This invention relates in general to a generalized active disturbance rejection approach for electrical power steering (EPS) systems. In particular, this invention relates to an active disturbance rejection circuit and control algorithm having a minimal effect on steering feel. This invention further reduces the dependency on accurate disturbance frequency information in operation to maintain consistent steering feel and compensate the dynamics differences and potential interactions with other functions in EPS or other vehicle systems.
Methods exist to provide certain levels of active disturbance rejection through either disturbance feed-forward cancellation or attenuation of system gain within an interested frequency range via certain resonant filters. In general, a disturbance feed-forward system detects the disturbance and provides this disturbance information to an actuator to counteract the deleterious effects of the detected disturbance. This typically involves two steps, namely, disturbance detection and command generation. However, disturbance detection typically relies on a certain amount of transient time in order to accurately detect the disturbance. This approach might not be applicable in some scenarios, such as brake pulsations, where the disturbance frequency is proportional to the wheel speed and changes during the braking process due to the change in wheel speed. In addition, the disturbance detection process is typically realized via different types of filters.

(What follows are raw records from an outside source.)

(* Let $\mathcal{P}=\{P_1,\ldots,P_n\}$, let $\mathcal{Q}\subseteq 2^{\mathcal{P}}$ and let $\mathcal{F}=\{F_1,\ldots,F_m\}\subseteq 2^{\mathcal{P}}$ be a fail-prone system, and set $\mathcal{F}^c=\{F_1^c,\ldots,F_m^c\}$. Let $I=\langle \xi_{\mathcal{Q}_{\bar X}},\ \xi_{\mathcal{Q}_{\bar Y}},\ \xi_{\mathcal{F}^c_{\bar Z}},\ \lambda,\ \delta'\rangle\subseteq\mathbb{B}(\bar X,\bar Y,\bar Z,\bar T)$, where $\delta'(\bar X,\bar Y,\bar Z,\bar T)=\prod_{i=1}^n(T_iX_iY_iZ_i+X_iY_iZ_i+1)$, and let $\mathcal{G}$ be a Gröbner basis for $I$. If $|SM(\mathcal{G})|=|\mathcal{Q}|^2\cdot|\mathcal{F}|\cdot|\mathcal{F}^*|$, then $\mathcal{Q}$ fulfills masking consistency with respect to $\mathcal{F}$, i.e. $(Q_1\cap Q_2)\setminus F_1\not\subseteq F_2$ for all $Q_1,Q_2\in\mathcal{Q}$ and all $F_1,F_2\in\mathcal{F}$.
   Context: $\mathbb{B}=\mathbb{F}_2$; $\mathbb{B}(\bar X,\bar Y,\bar Z,\bar T)$ is the Boolean polynomial ring in $4n$ variables $X_i,Y_i,Z_i,T_i$ ($1\le i\le n$) over $\mathbb{F}_2$ modulo the relations $V^2=V$ for every variable $V$. $F^c=\mathcal{P}\setminus F$. $\varphi:2^{\mathcal{P}}\to\mathbb{B}^n$ sends a set to its indicator vector. For $S\subseteq\mathcal{P}$, $\xi_S(\bar W)=\prod_{i=1}^n(1+W_i+\varphi(S)_i)$; for $\mathcal{A}\subseteq 2^{\mathcal{P}}$, $\xi_{\mathcal{A}_{\bar W}}=\prod_{A\in\mathcal{A}}(\xi_A(\bar W)+1)$. $\gamma(\bar X,\bar Y)=\prod_{i=1}^n(X_iY_i+Y_i+1)+1$ and $\lambda(\bar T)=\prod_{F\in\mathcal{F}}\gamma(\varphi(F),\bar T)$. $\mathcal{F}^*=\{F'\subseteq F:F\in\mathcal{F}\}$. A fail-prone system is a collection of subsets of $\mathcal{P}$ none of which is contained in another. Monomial order: lexicographic with block order $\bar T<\bar Z<\bar Y<\bar X$ and within blocks $X_n\prec\cdots\prec X_1$ etc. A Gröbner basis of $I$ is a generating set $\mathcal{G}$ such that every nonzero $f\in I$ has leading monomial divisible by that of some $g\in\mathcal{G}$; $SM(\mathcal{G})$ is the set of multilinear monomials not in the ideal generated by the leading monomials of elements of $I$. *)

From HB Require Import structures.
From mathcomp Require Import all_boot all_order all_algebra.
Set Implicit Arguments. Unset Strict Implicit. Unset Printing Implicit Defensive.
Import GRing.Theory.
Local Open Scope ring_scope.

(* The participants P = {P_1,...,P_n} are modelled by 'I_n (P_{i+1} <-> i). *)

(* Variables of B(X,Y,Z,T): pairs (block, index); block 0 = X, 1 = Y, 2 = Z, 3 = T. *)
Definition var_t (n : nat) := ('I_4 * 'I_n)%type.
Definition blkX : 'I_4 := @Ordinal 4 0 isT.
Definition blkY : 'I_4 := @Ordinal 4 1 isT.
Definition blkZ : 'I_4 := @Ordinal 4 2 isT.
Definition blkT : 'I_4 := @Ordinal 4 3 isT.

(* The Boolean polynomial ring F_2[vars]/(V^2 - V), each element represented by
   its unique multilinear representative: a multilinear monomial is a set of
   variables, a Boolean polynomial is its coefficient function. *)
Definition mono (n : nat) := {set var_t n}.
Definition bpoly (n : nat) := {ffun mono n -> 'F_2}.

Section BoolPoly.
Variable n : nat.
(* A set S of L^p functions (closed under a.e. equality) is closed in L^p
   (for the L^p (pseudo)metric d(f,g) = N_p[f - g]) iff it contains every
   L^p function adherent to it. *)
Definition Lp_closed d (T : measurableType d) (R : realType)
    (mu : {measure set T -> \bar R}) (p : \bar R) (S : set (T -> R)) : Prop :=
  forall f : T -> R, f \in Lfun mu p ->
    (forall e : R, 0 < e ->
       exists g : T -> R, S g /\ (Lnorm mu p (fun x => EFin (f x - g x)%R) < EFin e)%E) ->
    S f.

(* L^p-closeness implies closeness in measure (Chebyshev's inequality, or the
   essential supremum when p = +oo).  Call v an essential value of f when every
   set {|f - v| < e} has positive measure; by a countable-grid argument almost
   every value of a measurable f is essential.  If f had k+1 distinct essential
   values, 4δ-separated, then a function g close to f in measure would have to
   take a value within 2δ of each of them, i.e. k+1 distinct values on a set of
   positive measure, while an element of G_{p,k} takes at most k values off a
   null set.  So f takes at most k values almost everywhere and is a.e. a step
   function on a k-block partition. *)

From HB Require Import structures.
From mathcomp Require Import all_boot all_order all_algebra.
From mathcomp Require Import all_classical all_reals all_analysis.
From mathcomp Require Import ring lra.
Import Order.TTheory GRing.Theory Num.Theory.
Import numFieldNormedType.Exports.
Import measurable_realfun ess_sup_inf.
Set Implicit Arguments. Unset Strict Implicit. Unset Printing Implicit Defensive.
Local Open Scope classical_set_scope.
Local Open Scope ring_scope.

Lemma exists_pos_common_bound (R : realFieldType) (X : eqType) (s : seq X)
    (P : X -> R -> Prop) :
  (forall x u v, 0 < u -> u <= v -> P x v -> P x u) ->
  (forall x, x \in s -> exists2 u, 0 < u & P x u) ->
  exists2 u, 0 < u & forall x, x \in s -> P x u.
Proof.
move=> Pdown; elim: s => [|y s IH] hs; first by exists 1.
have [u u0 Pu] := hs y (mem_head _ _).
have [v v0 Pv] : exists2 v, 0 < v & forall x, x \in s -> P x v.
  by apply: IH => x xs; apply: hs; rewrite in_cons xs orbT.
have uv0 : 0 < Num.min u v by rewrite lt_min u0 v0.
exists (Num.min u v) => // x; rewrite in_cons => /predU1P[->|xs].
- by apply: Pdown Pu => //; rewrite ge_min lexx.
- by apply: Pdown (Pv x xs) => //; rewrite ge_min lexx orbT.
Qed.

Lemma exists_min_dist (R : realFieldType) (c : seq R) :
  exists2 e : R, 0 < e &
    forall u, u \in c -> forall v, v \in c -> u != v -> e <= `|u - v|.
Proof.
apply: exists_pos_common_bound => [u x y _ xy Py v vc uv|u _].
  exact: le_trans xy (Py v vc uv).
apply: exists_pos_common_bound => [v x y _ xy Py uv|v _].
  exact: le_trans xy (Py uv).
have [->|uv] := eqVneq u v; first by exists 1; rewrite ?eqxx.
by exists `|u - v|; rewrite ?normr_gt0 ?subr_eq0.
Qed.

Lemma cover_of_uniq_size_le (X : eqType) (S : set X) k :
  (forall s : seq X, uniq s -> (forall x, x \in s -> S x) -> (size s <= k)%N) ->
  exists2 a : seq X, (size a <= k)%N & forall x, S x -> x \in a.
Proof.
elim: k S => [|k IH] S H.
  exists [::] => // x Sx; suff : (size [:: x] <= 0)%N by [].
  by apply: H => // y; rewrite mem_seq1 => /eqP ->.
have [[x0 Sx0]|S0] := pselect (exists x, S x); last first.
  by exists [::] => // x Sx; exfalso; apply: S0; exists x.
have [a sa Sa] : exists2 a : seq X, (size a <= k)%N &
    forall x, S x /\ x != x0 -> x \in a.
  apply: IH => s us sS; suff : (size (x0 :: s) <= k.+1)%N by [].
  apply: H; first by rewrite /= us andbT; apply/negP => /sS[_]; rewrite eqxx.
  by move=> x; rewrite in_cons => /predU1P[->//|/sS[]].
exists (x0 :: a) => // x Sx; rewrite in_cons.
by have [//|xx0] := eqVneq x x0; rewrite Sa.
Qed.

Section measurable_sets_and_step_functions.
Context d (T : measurableType d) (R : realType).

Lemma measurable_norm_ge (h : T -> R) (e : R) :
  measurable_fun setT h -> measurable [set x | e <= `|h x|].
Proof.
move=> mh; have mnh : measurable_fun setT (fun x => `|h x|).
  exact: measurableT_comp.
have := mnh measurableT _ (measurable_itv `[e, +oo[).
by rewrite setTI; congr measurable; apply/seteqP; split => x /=; rewrite in_itv /= andbT.
Qed.

Lemma measurable_norm_lt (h : T -> R) (e : R) :
  measurable_fun setT h -> measurable [set x | `|h x| < e].
Proof.
move=> mh; have mnh : measurable_fun setT (fun x => `|h x|).
  exact: measurableT_comp.
have := mnh measurableT _ (measurable_itv `]-oo, e[).
by rewrite setTI; congr measurable; apply/seteqP; split => x /=; rewrite in_itv.
Qed.

Lemma step_funE l (a : 'I_l -> R) (A : 'I_l -> set T) i x :
  measurable_partition A -> A i x -> step_fun a A x = a i.
Proof.
move=> [_ disj _] Aix; rewrite /step_fun (bigD1 i)//= indicE mem_set// mulr1.
rewrite big1 ?addr0// => j ji; rewrite indicE memNset ?mulr0// => Ajx.
by have := disj _ _ ji; rewrite -subset0 => /(_ x); apply.
Qed.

In EPS applications, the resonant filter will also filter out the same frequency component that exists in the original motor torque. This filtering will affect the steering feel and require a tedious, iterative calibration process to balance steering feel and active disturbance rejection capability. Due to this condition, the disturbance detected not only includes the original disturbance but also includes the signals from original motor torque. Because of the inclusion of overlapping frequencies from different sources, this disturbance rejection method affects steering feel because the system will also cancel the frequency component of the original motor torque. While the disturbance rejection capability can be increased via high gain for either proportional method and/or integral method, this, in turn, will make the system more unstable and sensitive to parameter uncertainties. Also, the implementation of these prior art methods requires significant computational resources and memory due to their use and implementation of trigonometry. There is also a tendency to introduce complexity in analyzing a system's performance in terms of stability and effectiveness because the system is inherently nonlinear. This complexity is further compounded due to the level of accuracy needed in identifying the disturbance frequency in order to detect the disturbance.
Attenuating system gain within a disturbance frequency range is another typical approach in existing literatures. The strategy here is to lower the system gain such that the disturbance energy is less perceivable at the steering wheel or other EPS component. This real-time strategy is intended to respond instantaneously to disturbances and, therefore, be applicable to scenarios such as brake pulsation compensation. However, this approach cannot achieve 100% disturbance rejection, even from theoretical point of view. Also, it will affect the steering feel and stability significantly and often requires re-tuning of the original system.
Other methods attempt to utilize the concept of a standard feed-forward approach (in reference to control input, meaning that disturbance is added into control channel instead of being fed back to construct tracking error as feedback control) to cancel disturbances, as shown in FIG. 1A. Tassist is the total assist in rack coordinate without active disturbance rejection capability. Tfiltered is the active disturbance rejection torque in rack coordinate. Tmot is the final assist torque in rack coordinate. This idea is fairly standard and well-known within controls community. However, because an external disturbance, Tdisturbance, is not measurable at its generation source and is measured indirectly at the output, which is to be controlled/affected by control input, this standard feed-forward approach is essentially a feedback configuration. These approaches typically fail to achieve 100% disturbance reduction due to an inherent feedback mechanism in the loop: column torque-motor torque-column torque. Since the disturbance is indirectly measured via the column torque sensor, disturbance rejection algorithms are feedback mechanisms which inherently will not provide 100% disturbance rejection. A high-gain compensation approach may be utilized to reduce such effects but tends to make the system overly sensitive to parameter uncertainties and high frequency noises from column torque sensor which generates instability issues. Furthermore, this approach will have impact on steering feel due to the fact that the feedback compensator, as shown in FIG. 1A. The feedback compensator is typically represented as resonant filter or a modulation-demodulation process. These devices will filter out not only the disturbance but also the related signal in Tassist that contains a similar frequency to that of the disturbance. This affects steering feel and requires an iterative tuning process to achieve the improved steering feel while rejecting the disturbance.
FIG. 1B is a representation of a standard EPS system where the variables TDriver, Tassist and Tdisturbance are defined as driver torque, assistance torque and disturbance force (in an appropriate coordinate system) applied to the rack. Other coordinates can also be chosen when necessary. In prior art EPS systems, disturbance forces are typically not measured and are considered difficult to measure directly. These forces, however, are indirectly observable from other available EPS inputs, such as column torque, column velocity, motor velocity, etc. In the above example, the disturbance is defined as a rack force disturbance and the measurement state is defined to be column torque.
There are, in particular, two known prior art systems, disclosed in US Patent Publication No. 2012/0061169 to General Motors and U.S. Pat. No. 8,219,283 to Ford Motor Co., which illustrate aspects of the prior art described above. The disclosures of these references are incorporated by reference.